▸ PROBLEM TO WORK ON:
Pick out every line in the data below that holds "connected".

:: SUPPLIED ENTRIES ::

Lemma clade_tree_pair_K2 : clade_tree_pair [set [set ord0; ord_max]] cherry cherry.
Proof.
have on_cherry : on_leafset cherry.
  by apply/on_leafsetP; split=> //; apply/setP => -[[|[|//]] ?]; rewrite !inE.
set R := leafset cherry.
have clades_cherry : clades cherry = [set R] by rewrite /= !setU0.
have cT_edge : cT cherry [set ord0; ord_max] = R.
  apply: cT_unique; rewrite clades_cherry; split; rewrite ?set11 //.
    by apply/subsetP => z; rewrite !inE.
  by move=> D /set1P->.
split=> //; rewrite /clade_vertices clades_cherry !imset_set1 setUC.
rewrite -(setU0 [set [set ord0; ord_max]]).
apply: wf_tree_add_leaf (wf_tree_set1 _ (inl R)) _ _ _ _; rewrite ?inE //.
by rewrite /joins /clade_ends cT_edge eqxx orbT.
Qed.

Lemma exists_clade_tree_pair_split_edge n (H : {set {set 'I_n}}) t1 t2 i j k :
  nontrivial_edges H -> clade_tree_pair H t1 t2 -> [set i; j] \in H -> k != i -> k != j ->
  exists t1' t2', clade_tree_pair (lift_edges (H :\ [set i; j]) :|:
    [set [set ord_max; emb i]; [set ord_max; emb j]; [set ord_max; emb k]]) t1' t2'.
Proof.
move=> H_gt1 [on_t1 on_t2 tree] ijH nki nkj.
have nij : i != j by have := H_gt1 _ ijH; rewrite cards2; case: (i != j).
pose a : {set 'I_n} + {set 'I_n} := inl (cT t1 [set i; j]).
pose b : {set 'I_n} + {set 'I_n} := inr (cT t2 [set i; j]).
have Jab : joins (clade_ends t1 t2) [set i; j] a b by rewrite /joins eqxx.
have aV : a \in clade_vertices t1 t2 by apply: inl_cT_vertex.
have [[_ connected _] _] := tree.
have near_ab v := connect_remove_edge connected aV v Jab.
have nik : i != k by rewrite eq_sym.
have njk : j != k by rewrite eq_sym.
have nji : j != i by rewrite eq_sym.
(* Removing [[set i; j]] separates [a] from [b]; attach the new leaf so that
   its edge to the third neighbour joins the two sides. *)
have [Pa | Pb] := orP (near_ab _ (inl_cT_vertex _ on_t1 nik)).
  exists (ins k t1), (ins j t2); rewrite set3_rev.
  apply: (clade_tree_pair_split_edge on_t1 on_t2 H_gt1 nkj nik nij tree ijH Jab).
    by rewrite [[set k; i]]setUC.
  by rewrite [[set j; i]]setUC; apply: connect0.
have [Qa | Qb] := orP (near_ab _ (inr_cT_vertex _ on_t2 njk)).
  exists (ins i t1), (ins j t2).
  apply: (clade_tree_pair_split_edge on_t1 on_t2 H_gt1 nij nki nkj tree ijH _ Pb Qa).
  by rewrite joinsC.
exists (ins i t1), (ins k t2); rewrite set3_swap23.
apply: (clade_tree_pair_split_edge on_t1 on_t2 H_gt1 nik nji njk tree ijH Jab (connect0 _ _)).
by rewrite [[set k; j]]setUC.
Qed.

Lemma henneberg_clade_tree_pair n (H : {set {set 'I_n}}) :
  henneberg H -> exists t1 t2, clade_tree_pair H t1 t2.
Proof.
elim=> {n H} [|n H s hen [t1 [t2 pair_t]] | n H i j hen [t1 [t2 [on_t1 on_t2 tree]]] nij
              | n H i j k hen [t1 [t2 pair_t]] ijH nki nkj].
- by exists cherry, cherry; apply: clade_tree_pair_K2.
- exists (relab s t1), (relab s t2).
  exact: clade_tree_pair_relab (henneberg_nontrivial hen) pair_t.
- exists (ins i t1), (ins j t2).
  exact: (clade_tree_pair_add_vertex on_t1 on_t2 (henneberg_nontrivial hen) nij tree).
- exact: exists_clade_tree_pair_split_edge (henneberg_nontrivial hen) pair_t ijH nki nkj.
Qed.

Unset Implicit Arguments.

Theorem lemma4p6 (n : nat) (H : {set {set 'I_n}}) :
  2 <= n -> henneberg H ->
  exists t1 t2 : btree n,
    [/\ on_leafset t1, on_leafset t2 & restricted_clade_graph_is_tree H t1 t2].
Proof.
(* [2 <= n] follows from [henneberg H]. *)
move=> _ /henneberg_clade_tree_pair[t1 [t2 [on_t1 on_t2 [tree _]]]].
by exists t1, t2.
Qed.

:::

▸ WRITTEN REPLY:
have [[_ connected _] _] := tree.
have near_ab v := connect_remove_edge connected aV v Jab.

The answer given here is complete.